“A loucura deve estar no texto, não nas atitudes.”

Ungulani Ba Ka Khosa

Ouvi o nome “Sangare Okapi”, pela primeira vez, quando eu era caloiro na universidade. A minha prima, a Milla, dizia-me, com irritante frequência, que eu era como o seu professor de português: “louco”. Autor de três livros, premiado e respeitado pela crítica, Okapi é fruto do bom amor, do seu fluido, é um poeta de fortes convicções literárias e que não se preocupa com o “espectáculo chulo” – como diria Julien Gracq. Não publica há quase meia década, e nestes tempos em que os “poetas” daltónicos seguem publicando poemas e poemas, iguais como os seus rostos sedentos de atenção, a sua voz traria, infalivelmente, uma agradável sensação.

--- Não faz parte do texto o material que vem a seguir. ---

(* Let [p] be the common value [f xi = f zeta], a unit vector, and
   [N z = <f z, p>].  Then [Re N <= 1] on the closed disc with equality at [xi]
   and [zeta], and [N] is holomorphic and C^2 up to the boundary, so the Hopf
   lemma gives [Re (xi N'(xi)) > 0], and likewise at [zeta].  Moving inwards by
   [s] from [xi] and [zeta] in suitable directions gives points [z], [w] with
   [1 - <f a, f b> = s + O(s^2)] for all [a, b] in [{z, w}], so the difference
   [k_z - k_w] of kernel functions stays bounded in [H_f] as [s -> 0].  Since
   kernel functions extend continuously to the closed disc and agree at glued
   points, [k_z - k_w] becomes orthogonal to any fixed finite combination of
   kernel functions, while [h z - h w] tends to [c = h xi - h zeta].  Summing [n]
   such differences gives elements of norm [O(sqrt n)] on which [h] takes values
   of size at least [n |c| / 2], hence [c = 0]. *)

From Stdlib Require Import Reals Lra Lia Psatz List Classical ClassicalEpsilon.
From Coquelicot Require Import Coquelicot.
Import ListNotations.
Local Notation CC := Complex.C.
Local Open Scope R_scope.

Lemma C_eq_Re_Im (a b : CC) : Re a = Re b -> Im a = Im b -> a = b.
Proof. destruct a, b. simpl. intros; subst; auto. Qed.

Ltac cext := apply C_eq_Re_Im; simpl; unfold Re, Im; simpl; ring.

Lemma Rabs_Im_le_Cmod (z : CC) : Rabs (Im z) <= Cmod z.
Proof.
  unfold Cmod. rewrite <- sqrt_Rsqr_abs. apply sqrt_le_1_alt. unfold Rsqr.
  destruct z as [x y]. simpl. nra.
Qed.

Lemma Cmod_le_Rabs_Re_Im (z : CC) : Cmod z <= Rabs (Re z) + Rabs (Im z).
Proof.
  unfold Cmod. destruct z as [x y]. simpl.
  pose proof (Rabs_pos x); pose proof (Rabs_pos y).
  rewrite <- (sqrt_Rsqr (Rabs x + Rabs y)) by lra.
  apply sqrt_le_1_alt. unfold Rsqr.
  assert (x * x = Rabs x * Rabs x) by (rewrite <- Rabs_mult, Rabs_right; nra).
  assert (y * y = Rabs y * Rabs y) by (rewrite <- Rabs_mult, Rabs_right; nra).
  nra.
Qed.

Lemma Cmod_RtoC_mult (r : R) (z : CC) : Cmod (Cmult (RtoC r) z) = Rabs r * Cmod z.
Proof. rewrite Cmod_mult, Cmod_R. reflexivity. Qed.

Lemma Cmod_reverse_triangle (z w : CC) : Cmod z - Cmod w <= Cmod (Cminus z w).
Proof.
  assert (Cmod z <= Cmod (Cminus z w) + Cmod w)
    by (replace z with (Cplus (Cminus z w) w) at 1 by ring; apply Cmod_triangle).
  lra.
Qed.

Lemma Rabs_Cmod_minus_le (z w : CC) : Rabs (Cmod z - Cmod w) <= Cmod (Cminus z w).
Proof.
  apply Rabs_le. split.
  - rewrite <- Cmod_opp. replace (Copp (Cminus z w)) with (Cminus w z) by ring.
    pose proof (Cmod_reverse_triangle w z). lra.
  - apply Cmod_reverse_triangle.
Qed.

Lemma Re_Cminus (a b : CC) : Re (Cminus a b) = Re a - Re b.
Proof. destruct a, b. unfold Re; simpl. ring. Qed.

Lemma is_derive_eps_delta {K : AbsRing} {V : NormedModule K} (f : K -> V) x l :
  is_derive f x l <-> forall eps : posreal, exists delta : posreal, forall y,
    norm (minus y x) < delta ->
    norm (minus (minus (f y) (f x)) (scal (minus y x) l)) <= eps * norm (minus y x).
Proof.
  split.
  - intros [_ H] eps. destruct (H x (fun P HP => HP) eps) as [e He].
    exists e. intros y Hy. apply He. apply (norm_compat1 (V := AbsRing_NormedModule K)). exact Hy.
  - intros H. split; [apply is_linear_scal_l|]. intros x' Hx'.
    apply (is_filter_lim_locally_unique (V := AbsRing_NormedModule K)) in Hx'. subst x'.
    intros eps. destruct (H eps) as [dl Hd].
    set (nf := norm_factor (V := AbsRing_NormedModule K)).
    assert (Hnf : 0 < nf) by apply norm_factor_gt_0.
    assert (Hp : 0 < dl / nf) by (apply Rdiv_lt_0_compat; [apply cond_pos | exact Hnf]).
    exists (mkposreal _ Hp). intros y Hy. apply Hd.
    apply (norm_compat2 (V := AbsRing_NormedModule K)) in Hy. simpl in Hy.
    replace (pos dl) with (nf * (dl / nf)) by (field; lra). exact Hy.
Qed.

Lemma C_R_norm_Cmod (z : CC) : @norm R_AbsRing C_R_NormedModule z = Cmod z.
Proof.
  unfold norm; simpl. unfold prod_norm; simpl. unfold Cmod. f_equal.
  unfold norm; simpl. unfold abs; simpl. rewrite !Rmult_1_r.
  rewrite <- !Rabs_mult. rewrite !Rabs_right; nra.
Qed.

Lemma is_derive_RC_eps (F : R -> CC) t l : is_derive F t l <->
  forall eps, 0 < eps -> exists delta, 0 < delta /\ forall y, Rabs (y - t) < delta ->
    Cmod (Cminus (Cminus (F y) (F t)) (Cmult (RtoC (y - t)) l)) <= eps * Rabs (y - t).
Proof.
  rewrite is_derive_eps_delta. split.
  - intros H eps He. destruct (H (mkposreal _ He)) as [dl Hd].
    exists dl. split; [apply cond_pos|]. intros y Hy.
    specialize (Hd y Hy). rewrite C_R_norm_Cmod, scal_R_Cmult in Hd. exact Hd.
  - intros H eps. destruct (H eps (cond_pos eps)) as [dl [Hdl Hd]].
    exists (mkposreal _ Hdl). intros y Hy. rewrite C_R_norm_Cmod, scal_R_Cmult. exact (Hd y Hy).
Qed.

Lemma is_derive_CC_eps (g : CC -> CC) z l : is_derive g z l <->
  forall eps, 0 < eps -> exists delta, 0 < delta /\ forall y, Cmod (Cminus y z) < delta ->
    Cmod (Cminus (Cminus (g y) (g z)) (Cmult (Cminus y z) l)) <= eps * Cmod (Cminus y z).
Proof.
  rewrite is_derive_eps_delta. split.
  - intros H eps He. destruct (H (mkposreal _ He)) as [dl Hd].
    exists dl. split; [apply cond_pos | exact Hd].
  - intros H eps. destruct (H eps (cond_pos eps)) as [dl [Hdl Hd]].
    exists (mkposreal _ Hdl). exact Hd.
Qed.

Lemma is_derive_RR_eps (F : R -> R) t l : is_derive F t l <->
  forall eps, 0 < eps -> exists delta, 0 < delta /\ forall y, Rabs (y - t) < delta ->
    Rabs (F y - F t - (y - t) * l) <= eps * Rabs (y - t).
Proof.
  rewrite is_derive_eps_delta. split.
  - intros H eps He. destruct (H (mkposreal _ He)) as [dl Hd].
    exists dl. split; [apply cond_pos | exact Hd].
  - intros H eps. destruct (H eps (cond_pos eps)) as [dl [Hdl Hd]].
    exists (mkposreal _ Hdl). exact Hd.
Qed.

Lemma is_derive_RC_Re (F : R -> CC) t l :
  is_derive F t l -> is_derive (fun s => Re (F s)) t (Re l).
Proof.
  rewrite is_derive_RC_eps, is_derive_RR_eps. intros H eps He.
  destruct (H eps He) as [d [Hd H']]. exists d. split; [exact Hd|]. intros y Hy.
  eapply Rle_trans; [|apply H'; exact Hy]. eapply Rle_trans; [|apply re_le_Cmod].
  right. f_equal. destruct (F y), (F t), l. simpl. ring.
Qed.

Lemma is_derive_RC_Im (F : R -> CC) t l :
  is_derive F t l -> is_derive (fun s => Im (F s)) t (Im l).
Proof.
  rewrite is_derive_RC_eps, is_derive_RR_eps. intros H eps He.
  destruct (H eps He) as [d [Hd H']]. exists d. split; [exact Hd|]. intros y Hy.
  eapply Rle_trans; [|apply H'; exact Hy]. eapply Rle_trans; [|apply Rabs_Im_le_Cmod].
  right. f_equal. destruct (F y), (F t), l. simpl. ring.
Qed.

Lemma is_derive_RC_unique (F : R -> CC) t l1 l2 :
  is_derive F t l1 -> is_derive F t l2 -> l1 = l2.
Proof.
  intros H1 H2. apply C_eq_Re_Im.
  - apply is_derive_RC_Re, is_derive_unique in H1. apply is_derive_RC_Re, is_derive_unique in H2. congruence.
  - apply is_derive_RC_Im, is_derive_unique in H1. apply is_derive_RC_Im, is_derive_unique in H2. congruence.
Qed.

Lemma is_derive_RC_Cmult_l (F : R -> CC) c t l :
  is_derive F t l -> is_derive (fun s => Cmult c (F s)) t (Cmult c l).
Proof.
  rewrite !is_derive_RC_eps. intros H eps He.
  pose proof (Cmod_ge_0 c).
  destruct (H (eps / (Cmod c + 1))) as [d [Hd H']]; [apply Rdiv_lt_0_compat; lra|].
  exists d. split; [exact Hd|]. intros y Hy. specialize (H' y Hy).
  replace (Cminus (Cminus (Cmult c (F y)) (Cmult c (F t))) (Cmult (RtoC (y - t)) (Cmult c l)))
    with (Cmult c (Cminus (Cminus (F y) (F t)) (Cmult (RtoC (y - t)) l))) by ring.
  rewrite Cmod_mult. pose proof (Rabs_pos (y - t)).
  assert (Cmod c * (eps / (Cmod c + 1)) <= eps).
  { apply Rmult_le_reg_r with (Cmod c + 1); [lra|].
    unfold Rdiv. rewrite Rmult_assoc, Rmult_assoc, Rinv_l by lra. nra. }
  eapply Rle_trans; [apply Rmult_le_compat_l; [lra | exact H']|]. nra.
Qed.

Lemma is_derive_RC_const (c : CC) t : is_derive (fun _ : R => c) t (RtoC 0).
Proof.
  rewrite is_derive_RC_eps. intros eps He. exists 1. split; [lra|]. intros y _.
  replace (Cminus (Cminus c c) (Cmult (RtoC (y - t)) (RtoC 0))) with (RtoC 0) by ring.
  rewrite Cmod_0. pose proof (Rabs_pos (y - t)). nra.
Qed.

Lemma is_derive_CC_const (c : CC) t : is_derive (fun _ : CC => c) t (RtoC 0).
Proof.
  rewrite is_derive_CC_eps. intros eps He. exists 1. split; [lra|]. intros y _.
  replace (Cminus (Cminus c c) (Cmult (Cminus y t) (RtoC 0))) with (RtoC 0) by ring.
  rewrite Cmod_0. pose proof (Cmod_ge_0 (Cminus y t)). nra.
Qed.

Lemma continuity_pt_eps (f : R -> R) x0 :
  (forall eps, 0 < eps -> exists delta, 0 < delta /\
     forall x, Rabs (x - x0) < delta -> Rabs (f x - f x0) < eps) ->
  continuity_pt f x0.
Proof.
  intros H eps He. destruct (H eps He) as [d [Hd Hd']].
  exists d. split; [lra|]. intros x [_ Hx]. apply Hd'. exact Hx.
Qed.

(** * Mean value inequalities *)

Definition cont_on_segment (phi : R -> CC) (a b : R) : Prop :=
  forall s, a <= s <= b -> forall eps, 0 < eps -> exists delta, 0 < delta /\
    forall t, a <= t <= b -> Rabs (t - s) < delta -> Cmod (Cminus (phi t) (phi s)) < eps.

Definition clamp (a b t : R) : R := Rmax a (Rmin b t).

Lemma clamp_in a b t : a <= b -> a <= clamp a b t <= b.
Proof. intros. unfold clamp, Rmax, Rmin. repeat destruct Rle_dec; lra. Qed.

Lemma clamp_id a b t : a <= t <= b -> clamp a b t = t.
Proof. intros. unfold clamp, Rmax, Rmin. repeat destruct Rle_dec; lra. Qed.

Lemma clamp_lipschitz a b t s : a <= b -> Rabs (clamp a b t - clamp a b s) <= Rabs (t - s).
Proof.
  intros. unfold clamp, Rmax, Rmin.
  repeat destruct Rle_dec; unfold Rabs; repeat destruct Rcase_abs; lra.
Qed.

(* The derivative is only assumed on the open interval: [g] is extended by
   [clamp] to a function on R to which [MVT_gen] applies. *)
Lemma MVT_bound_R (g g' : R -> R) a b M : a < b ->
  (forall s, a < s < b -> is_derive g s (g' s)) ->
  (forall s, a <= s <= b -> forall eps, 0 < eps -> exists delta, 0 < delta /\
    forall t, a <= t <= b -> Rabs (t - s) < delta -> Rabs (g t - g s) < eps) ->
  (forall s, a < s < b -> Rabs (g' s) <= M) ->
  Rabs (g b - g a) <= M * (b - a).
Proof.
  intros Hab Hd Hc HM.
  set (G := fun t => g (clamp a b t)).
  set (dG := fun t => if Rlt_dec a t then if Rlt_dec t b then g' t else 0 else 0).
  assert (HM0 : 0 <= M).
  { pose proof (HM ((a + b) / 2) ltac:(lra)). pose proof (Rabs_pos (g' ((a + b) / 2))). lra. }
  destruct (MVT_gen G a b dG) as [c [Hc1 Hc2]].
  - rewrite Rmin_left, Rmax_right by lra. intros x Hx. unfold dG.
    destruct (Rlt_dec a x); [|lra]. destruct (Rlt_dec x b); [|lra].
    apply is_derive_ext_loc with g; [|apply Hd; lra].
    assert (Hp : 0 < Rmin (x - a) (b - x)) by (apply Rmin_pos; lra).
    exists (mkposreal _ Hp). intros y Hy. unfold G. rewrite clamp_id; [reflexivity|].
    change (Rabs (y - x) < Rmin (x - a) (b - x)) in Hy.
    pose proof (Rmin_l (x - a) (b - x)); pose proof (Rmin_r (x - a) (b - x)).
    unfold Rabs in Hy; destruct Rcase_abs in Hy; lra.
  - rewrite Rmin_left, Rmax_right by lra. intros x Hx. apply continuity_pt_eps. intros eps He.
    destruct (Hc (clamp a b x) (clamp_in a b x ltac:(lra)) eps He) as [d [Hd0 Hd1]].
    exists d. split; [exact Hd0|]. intros y Hy. apply Hd1; [apply clamp_in; lra|].
    eapply Rle_lt_trans; [apply clamp_lipschitz; lra | exact Hy].
  - rewrite Rmin_left, Rmax_right in Hc1 by lra.
    unfold G in Hc2. rewrite !clamp_id in Hc2 by lra. rewrite Hc2, Rabs_mult, (Rabs_right (b - a)) by lra.
    apply Rmult_le_compat_r; [lra|]. unfold dG.
    destruct (Rlt_dec a c); [|rewrite Rabs_R0; lra]. destruct (Rlt_dec c b); [|rewrite Rabs_R0; lra].
    apply HM. lra.
Qed.

Lemma MVT_bound_C0 (phi phi' : R -> CC) a b M : a < b ->
  (forall s, a < s < b -> is_derive phi s (phi' s)) ->
  cont_on_segment phi a b ->
  (forall s, a < s < b -> Cmod (phi' s) <= M) ->
  Cmod (Cminus (phi b) (phi a)) <= 2 * M * (b - a).
Proof.
  intros Hab Hd Hc HM.
  assert (HRe : Rabs (Re (phi b) - Re (phi a)) <= M * (b - a)).
  { apply (MVT_bound_R (fun t => Re (phi t)) (fun t => Re (phi' t))); [exact Hab | | |].
    - intros s Hs. apply is_derive_RC_Re, Hd, Hs.
    - intros s Hs eps He. destruct (Hc s Hs eps He) as [d [Hd0 Hd1]].
      exists d. split; [exact Hd0|]. intros t Ht Hts. rewrite <- Re_Cminus.
      eapply Rle_lt_trans; [apply re_le_Cmod | exact (Hd1 t Ht Hts)].
    - intros s Hs. eapply Rle_trans; [apply re_le_Cmod | exact (HM s Hs)]. }
  assert (HIm : Rabs (Im (phi b) - Im (phi a)) <= M * (b - a)).
  { apply (MVT_bound_R (fun t => Im (phi t)) (fun t => Im (phi' t))); [exact Hab | | |].
    - intros s Hs. apply is_derive_RC_Im, Hd, Hs.
    - intros s Hs eps He. destruct (Hc s Hs eps He) as [d [Hd0 Hd1]].
      exists d. split; [exact Hd0|]. intros t Ht Hts.
      replace (Im (phi t) - Im (phi s)) with (Im (Cminus (phi t) (phi s)))
        by (destruct (phi t), (phi s); simpl; ring).
      eapply Rle_lt_trans; [apply Rabs_Im_le_Cmod | exact (Hd1 t Ht Hts)].
    - intros s Hs. eapply Rle_trans; [apply Rabs_Im_le_Cmod | exact (HM s Hs)]. }
  eapply Rle_trans; [apply Cmod_le_Rabs_Re_Im|].
  replace (Re (Cminus (phi b) (phi a))) with (Re (phi b) - Re (phi a)) by apply Re_Cminus.
  replace (Im (Cminus (phi b) (phi a))) with (Im (phi b) - Im (phi a))
    by (destruct (phi b), (phi a); simpl; ring).
  lra.
Qed.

As nossas conversas tornaram-se profundas nas “tertúlias” da Casa da Cultura do Alto-Maé, e desde lá, a minha admiração pelo poeta apenas cresceu. Confesso que sempre o tive por um enfant terrible, como Artur Rimbaud ou Eduardo White, inovador e avantguardian. Este texto é fruto de uma pequena conversa que tive com o poeta, há quase um mês, em sua casa. É útil referir que Sangare Okapi acabara de perder a sua esposa – enquanto participava da Feira Nacional do Livro de Poços de Caldas, no Brasil – e eu não sabia se fazia ou não a entrevista. Ao todo, foram 11 questões sobre, essencialmente, a sua escrita e poesia.

Pedro Pereira Lopes (PPL): Por que é que escreve?

Sangare Okapi (SO): É uma pergunta, à primeira, fácil, mas que causa em mim… muita angústia, muita angústia! Confesso que não sei o que escrevo, porque escrevo e para quem escrevo. Sei que sou escravo das minhas agruras… Fico a pensar na escrita de forma muito insipiente; aprendi a ler antes de escrever. Filho de mãe professora, do ensino primário, não tinha como fugir a isso, e penso que isso é que determinou aquilo que vou fazendo hoje, e o meu pai já escrevia teatro e trabalhava seriamente com a palavra e de forma directa. Directa no sentido de estar no campo, perguntar e registar… para compreender a vida dos que já sabiam muito mas não sabiam muito. Não sei se respondi ou se calhar coloquei mais perguntas. Há muitas incógnitas na minha cabeça. Sempre me confrontei com a parte mais difícil. Eu acredito que escrever é aquilo que não sei fazer, porque há muita escrita nas pessoas que não aprenderam os hieróglifos.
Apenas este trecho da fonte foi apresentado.